雲芷蘭說到這件事情的時候臉上也有了一絲笑容。
她今天又哭又笑。整個人瘋瘋癲癲。
以前知性溫婉的女人,現在就像個癲婆子一樣。
「還有我給他找的工作,前段時間我已經跟上面的人打了招呼,讓他們稍稍為難沈天翊一下。」
「現在看來,不僅要為難他,還要上面找個借口想辦法把他開除。」
沈長平說起這件事情目光頓時變得深沉。
面對兒子的時候他整個人是隨和放鬆的,就連情緒也會外放。
面對害了他們一家的仇人,他自然不會有什麼好臉色。
「是先把房子收回來,還是先讓他開除工作?」
雲芷蘭想到這件事情,頓時陷入了沉思。
「房子還在我們名下,我們收回來肯定要跟他扯皮。」
「不如直接託人把房子賣了,到時候再把車子收回來,最後再開除他的工作,你們覺得如何?」
沈長平用的是一步一步遞進的方法。
讓沈天翊的日子越過越差,最終一點點的失去所有。
就像溫水煮青蛙一樣,一開始先讓他適應,再慢慢的一點點的動手。
沈天翊明知道自己不是他們的兒子,卻還理所當然的享受著這一切。
他若是個孝敬父母的好孩子,若是一開始就不知道這件事情,也許他們還可以放過他。
他一個別人的孩子,卻讓他們夫妻在養育他的過程中吃了這麼多苦頭。
這些他們曾經吃過的苦頭,最後都要加倍還給他。
讓他失去所有之後,他們還有進一步的計劃。
「可以,那我們看完孫子回來,我就著手找人賣掉房子。」
雲芷蘭平時看著柔柔弱弱的,遇到大事的時候還是非常靠譜的。
她的頭腦非常清醒,有了決定立刻就會動手。
對於怎麼處置沈天翊這件事情,程錦年覺得自己不方便插嘴。
所以他坐在一邊安靜的聽他們說話,卻從頭到尾沒有插過一句嘴。
程錦年這種很有分寸感的樣子,讓夫妻倆越看越是對他滿意。
像這種知恥明理,明明沒有受過好的教育,依舊有良好修養的孩子,才應該是他們的孩子。
程錦年長得像他們夫妻,認真的樣子讓人看了就歡喜。
「至於魏明香跟程國清,你們打算怎麼處置?」
這兩人畢竟是程錦年名義上的父母,所以處置他們的事情,夫妻倆還是想讓他自己親自來說。
「這兩人你們就暫時不用管了。

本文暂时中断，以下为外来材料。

(* Let $X,Y$ be random variables with $X$ taking values in $\mathcal{X}$ and $Y\in\{0,1\}$. Let $\mu:\mathcal{X}\to[0,1]$ be measurable and assume the distribution of $\mu(X)$ is supported on all of $[0,1]$. Let $c_0\ge 0$ and $c:\mathcal{X}\to[0,1]$, $c(x)\equiv c_0$. Let $\mathcal{B}=\{x\mapsto\tilde b(\mu(x)) : \tilde b:\mathbb{R}\to\mathbb{R}\}$. Then $(\mu,c)$ is sound with respect to $\mathcal{B}$, i.e. $$\sup_{b\in\mathcal{B}}\mathbb{E}\big[b(X)(\mu(X)-\mathbb{E}[Y\mid X])-|b(X)|c(X)\big]\le 0,$$ if and only if the maximum calibration error of $\mu$ is at most $c_0$, where $$\mathrm{MCE}(\mu)=\max_{u\in[0,1]}\big|\mathbb{E}[Y\mid\mu(X)=u]-u\big|.$$ *)

From HB Require Import structures.
From mathcomp Require Import all_boot all_order all_algebra.
From mathcomp Require Import all_classical all_reals all_analysis.
Set Implicit Arguments. Unset Strict Implicit. Unset Printing Implicit Defensive.
Import Order.TTheory GRing.Theory Num.Theory.
Import numFieldNormedType.Exports.
Local Open Scope classical_set_scope.
Local Open Scope ring_scope.

(* g : T -> R is a version of the conditional expectation E[Y | Z], i.e.
   E[Y | Z] = g(Z) a.s.: g is measurable, g(Z) is integrable, and
   E[Y 1_{Z in A}] = E[g(Z) 1_{Z in A}] for every measurable A. *)
Definition cond_exp_version {d d' : measure_display} {Omega : measurableType d}
  {R : realType} {T : measurableType d'} (P : probability Omega R)
  (Z : Omega -> T) (Y : Omega -> R) (g : T -> R) : Prop :=
  measurable_fun setT g /\
  P.-integrable setT (EFin \o (g \o Z)) /\
  forall A : set T, measurable A ->
    (\int[P]_(w in Z @^-1` A) (Y w)%:E = \int[P]_(w in Z @^-1` A) (g (Z w))%:E)%E.

(* Soundness of (mu, c) w.r.t. B = { x |-> bt (mu x) }, with c x = c0 and
   g a version of E[Y | X]:
   sup_b E[ b(X) (mu(X) - E[Y|X]) - |b(X)| c(X) ] <= 0,
   b ranging over the b = bt \o mu for which the expectation is defined
   (bt measurable, bt(mu(X)) integrable). *)
Definition sound_wrt_mu {d d' : measure_display} {Omega : measurableType d}
  {R : realType} {T : measurableType d'} (P : probability Omega R)
  (X : Omega -> T) (mu : T -> R) (c : T -> R) (g : T -> R) : Prop :=
  forall bt : R -> R, measurable_fun setT bt ->
    P.-integrable setT (EFin \o (bt \o (mu \o X))) ->
    (\int[P]_w ((bt (mu (X w)) * (mu (X w) - g (X w))
                 - `|bt (mu (X w))| * c (X w))%:E) <= 0)%E.

(* MCE(mu) <= c0 : the conditional expectation u |-> E[Y | mu(X) = u]
   (a version of it) satisfies max_{u in [0,1]} |E[Y|mu(X)=u] - u| <= c0. *)
Definition MCE_le {d d' : measure_display} {Omega : measurableType d}
  {R : realType} {T : measurableType d'} (P : probability Omega R)
  (X : Omega -> T) (Y : Omega -> R) (mu : T -> R) (c0 : R) : Prop :=
  exists h : R -> R, cond_exp_version P (mu \o X) Y h /\
    forall u : R, 0 <= u <= 1 -> `|h u - u| <= c0.

From HB Require Import structures.
From mathcomp Require Import all_boot all_order all_algebra.
From mathcomp Require Import all_classical all_reals all_analysis.
From mathcomp Require Import measurable_realfun ring lra.
Set Implicit Arguments. Unset Strict Implicit. Unset Printing Implicit Defensive.
Import Order.TTheory GRing.Theory Num.Theory.
Import numFieldNormedType.Exports.
Local Open Scope classical_set_scope.
Local Open Scope ring_scope.

(* Write U := mu(X).  A test function b(X) = bt(U) is a function of U, so the
   tower property gives E[b(X) g(X)] = E[b(X) Y] = E[bt(U) h(U)] for versions
   g of E[Y | X] and h of E[Y | U]: soundness can be tested against h instead
   of g.  Testing it with bt = +-1 on the set where +-(u - h(u)) > c0 shows
   |U - h(U)| <= c0 almost surely, and clamping h(u) - u to [-c0, c0] only
   changes h on a null set.  Conversely, |h(u) - u| <= c0 on [0, 1] makes the
   integrand bt(U) (U - h(U)) - |bt(U)| c0 pointwise nonpositive.  The tower
   property compares the pushforwards along the conditioning variable of the
   measures with densities Y and h(U). *)

Section density_measure.
Context d (T : measurableType d) (R : realType).
Variables (mu : {sigma_finite_measure set T -> \bar R}) (phi : T -> R).
Hypotheses (phi_ge0 : forall x, 0 <= phi x)
  (phi_int : mu.-integrable setT (EFin \o phi)).
Local Open Scope ereal_scope.

Definition density_measure (A : set T) := \int[mu]_(x in A) (phi x)%:E.

Let mphi : measurable_fun setT (EFin \o phi) := measurable_int mu phi_int.

Let density_measure0 : density_measure set0 = 0.
Proof. by rewrite /density_measure integral_set0. Qed.

Let density_measure_ge0 A : 0 <= density_measure A.
Proof. by apply: integral_ge0 => x _; rewrite lee_fin. Qed.

Let density_measure_sigma_additive : semi_sigma_additive density_measure.
Proof. by apply: semi_sigma_additive_nng_induced => // x; rewrite lee_fin. Qed.

HB.instance Definition _ := isMeasure.Build _ _ _ density_measure
  density_measure0 density_measure_ge0 density_measure_sigma_additive.

Let density_measure_fin : fin_num_fun density_measure.
Proof.
by move=> A mA; apply: integrable_fin_num => //; exact: integrableS phi_int.
Qed.

HB.instance Definition _ := Measure_isFinite.Build _ _ _ density_measure
  density_measure_fin.

Let density_measure_dominates : density_measure `<< mu.
Proof.
apply/null_content_dominatesP => A mA muA0.
by rewrite /density_measure null_set_integral//; exact: measurable_funTS.
Qed.

Let ge0_integral_density_measure (f : T -> \bar R) :
  (forall x, 0 <= f x) -> measurable_fun setT f ->
  \int[density_measure]_x f x = \int[mu]_x (f x * (phi x)%:E).
Proof.
move=> f0 mf; have dom := density_measure_dominates.
(* the Radon-Nikodym derivative of density_measure is phi almost everywhere *)
rewrite -(Radon_Nikodym_SigmaFinite.change_of_variables dom)//.
have iRN := Radon_Nikodym_SigmaFinite.f_integrable dom.
apply: ae_eq_integral => //.
- by apply: emeasurable_funM => //; exact: measurable_int iRN.
- exact: emeasurable_funM.
- apply: ae_eqe_mul2l; apply: integral_ae_eq => // E _ mE.
  by rewrite -Radon_Nikodym_SigmaFinite.f_integral.
Qed.
(* For causal stable systems $P_1,P_2:\mathcal{L}_{2e+}^n\to\mathcal{L}_{2e+}^n$, the cascaded system $P=P_2P_1$ satisfies $$\theta(P)\le\theta(P_1)+\theta(P_2).$$
   Context: For $n\ge1$, $\mathcal{L}_2^n$ is the set of measurable $u:\mathbb{R}\to\mathbb{R}^n$ with $\|u\|_2^2=\int_{-\infty}^{\infty}|u(t)|^2dt<\infty$, with inner product $\langle u,v\rangle=\int u(t)^Tv(t)\,dt$; $\mathcal{L}_{2+}=\{u\in\mathcal{L}_2: u(t)=0\ \text{for}\ t<0\}$. For $T\ge0$, $(\Gamma_Tu)(t)=u(t)$ for $t\le T$ and $0$ for $t>T$; $\mathcal{L}_{2e+}=\{u: \Gamma_Tu\in\mathcal{L}_{2+}\ \forall T\ge0\}$. A system is an operator $P:\mathcal{L}_{2e+}\to\mathcal{L}_{2e+}$ with $P0=0$, $P\ne0$; it is causal if $\Gamma_TP=\Gamma_TP\Gamma_T$ for all $T\ge0$, and a causal system is stable if $Pu\in\mathcal{L}_{2+}$ for all $u\in\mathcal{L}_{2+}$ and $\sup_{0\ne u\in\mathcal{L}_{2+}}\|Pu\|_2/\|u\|_2<\infty$. The singular angle of a causal stable system $P$ is $\theta(P)\in[0,\pi]$ with $\cos\theta(P)=\inf\{\langle u,Pu\rangle/(\|u\|_2\|Pu\|_2): 0\neq u\in\mathcal{L}_{2+},\ Pu\neq0\}$. *)

From HB Require Import structures.
From mathcomp Require Import all_boot all_order all_algebra.
From mathcomp Require Import all_classical all_reals all_analysis.
Set Implicit Arguments. Unset Strict Implicit. Unset Printing Implicit Defensive.
Import Order.TTheory GRing.Theory Num.Theory.
Import numFieldNormedType.Exports.
Local Open Scope classical_set_scope.
Local Open Scope ring_scope.

Section Signals.
Variables (R : realType) (n : nat).

Definition signal := R -> 'rV[R]_n.

Notation mu := (@lebesgue_measure R).

Definition sqnorm (x : 'rV[R]_n) : R := \sum_(i < n) x ord0 i ^+ 2.
Definition dotv (x y : 'rV[R]_n) : R := \sum_(i < n) x ord0 i * y ord0 i.

Definition ae_equal (u v : signal) : Prop := {ae mu, forall t, u t = v t}.

Definition in_L2 (u : signal) : Prop :=
  (forall i : 'I_n, measurable_fun setT (fun t => u t ord0 i)) /\
  (\int[mu]_t (sqnorm (u t))%:E < +oo)%E.

Definition in_L2p (u : signal) : Prop :=
  in_L2 u /\ {ae mu, forall t, t < 0 -> u t = 0}.

Definition Gam (T : R) (u : signal) : signal :=
  fun t => if t <= T then u t else 0.

Definition in_L2ep (u : signal) : Prop :=
  forall T, 0 <= T -> in_L2p (Gam T u).

Definition l2norm (u : signal) : R := Num.sqrt (Rintegral mu setT (fun t => sqnorm (u t))).
Definition l2inner (u v : signal) : R := Rintegral mu setT (fun t => dotv (u t) (v t)).

(* A system: an operator on L2e+^n (well defined on a.e.-classes), with P0 = 0, P <> 0. *)
Definition is_system (P : signal -> signal) : Prop :=
  (forall u, in_L2ep u -> in_L2ep (P u)) /\
  (forall u v, in_L2ep u -> in_L2ep v -> ae_equal u v -> ae_equal (P u) (P v)) /\
  ae_equal (P (fun _ => 0)) (fun _ => 0) /\
  (exists u, in_L2ep u /\ ~ ae_equal (P u) (fun _ => 0)).

Definition causal (P : signal -> signal) : Prop :=
  forall u, in_L2ep u -> forall T, 0 <= T ->
    ae_equal (Gam T (P u)) (Gam T (P (Gam T u))).

Definition stable (P : signal -> signal) : Prop :=
  (forall u, in_L2p u -> in_L2p (P u)) /\
  (exists c : R, forall u, in_L2p u -> l2norm u != 0 ->
      l2norm (P u) / l2norm u <= c).

Definition causal_stable_system (P : signal -> signal) : Prop :=
  [/\ is_system P, causal P & stable P].

Definition singular_angle (P : signal -> signal) : R :=
  acos (inf [set l2inner u (P u) / (l2norm u * l2norm (P u)) |
             u in [set u | in_L2p u /\ l2norm u != 0 /\ l2norm (P u) != 0]]).

End Signals.

(* For u
   in the domain of P2 P1 the Gram matrix of u, P1 u, P2 P1 u is positive
   semidefinite, which yields the spherical triangle inequality
   ∠(u, P2 P1 u) <= ∠(u, P1 u) + ∠(P1 u, P2 P1 u) <= θ(P1) + θ(P2).
   Causality makes the set defining θ(P2 P1) nonempty: a nonzero output already
   shows up on a finite horizon, hence for a truncated, square-integrable input. *)

From HB Require Import structures.
From mathcomp Require Import all_boot all_order all_algebra.
From mathcomp Require Import all_classical all_reals all_analysis.
From mathcomp Require Import ring lra.
Set Implicit Arguments. Unset Strict Implicit. Unset Printing Implicit Defensive.
Import Order.TTheory GRing.Theory Num.Theory.
Local Open Scope classical_set_scope.
Local Open Scope ring_scope.

Section Angles.
Variable R : realType.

」
姜晚微微一笑主動接話,雲芷蘭聽了有些疑惑。
「難道因為他們年紀大,就這麼輕飄飄的放過他們?」
「不是這個意思,我的意思是魏明香夫妻已經受到了應有的懲罰,暫時可以先不去管他們。」
「哦?他們受到什麼懲罰了?」
雲芷蘭聽了這話隻覺得好奇,姜晚原本不想說的,既然她問了,她也就簡單說了一下事情的經過。
「我以拐賣孩子的罪名,已經把魏明香送進了公安局。」
「至於程國清,他原本就有很嚴重的肝病,雖然做了換肝手術,應該也活不了太長時間了。」
「而且他好死不死的跟個寡婦搞在一起,現在寡婦的駢頭已經知道他們的事,接下來怕是有好戲可看了。」
姜晚說到這裡微微一笑,雲芷蘭聽她說完整個人都愣住了。
「魏明香跟程國清現在過得這麼慘了?」
「那照你這樣說的話,他們確實成不了什麼氣候,也暫時不用去管他們的死活了。」
「嗯,他們的事情交給我,後期我自己會盯,你們隻需要安心收拾瀋天翊就行。」
「程國清跟魏明香兩個兒子都已經死了,現在隻剩下沈天翊這個唯一的兒子。」
「說句實在話,沈天翊現在就是他們的希望,如果連沈天翊都垮了,估計他們就徹底無路可走了。」
姜晚不僅會殺人而且還會誅心。
魏明香越是在意什麼,她越是要擊的粉碎。
「你說的對,要不是想見見孫子,我現在立刻就要去收拾瀋天翊。」
「沒想到在你們還沒找到我們的時候,你們都已經自己動手了。」
「以前的你們一無所有,卻依舊有跟他們決裂的勇氣。」
「姜晚,你比我想象中更厲害,比起你的堅強果敢,我真的覺得自己像個廢物。」
「我,我當初真是昏了頭了,我怎麼會為了一點小事離家出走!」
雲芷蘭急得伸手就往自己臉上拍去。
姜晚眼疾手快的抓住了她的手腕。
「阿姨,誰年輕的時候都會犯錯,這件事情真的怪不到你頭上。」
雲芷蘭打自己的時候,姜晚就會想起上輩子愚蠢的自己。
她上輩子做了那麼多蠢事,不僅把自己的身體搞得非常虛弱,最後還被一手養大的侄子侄女拔了氣管。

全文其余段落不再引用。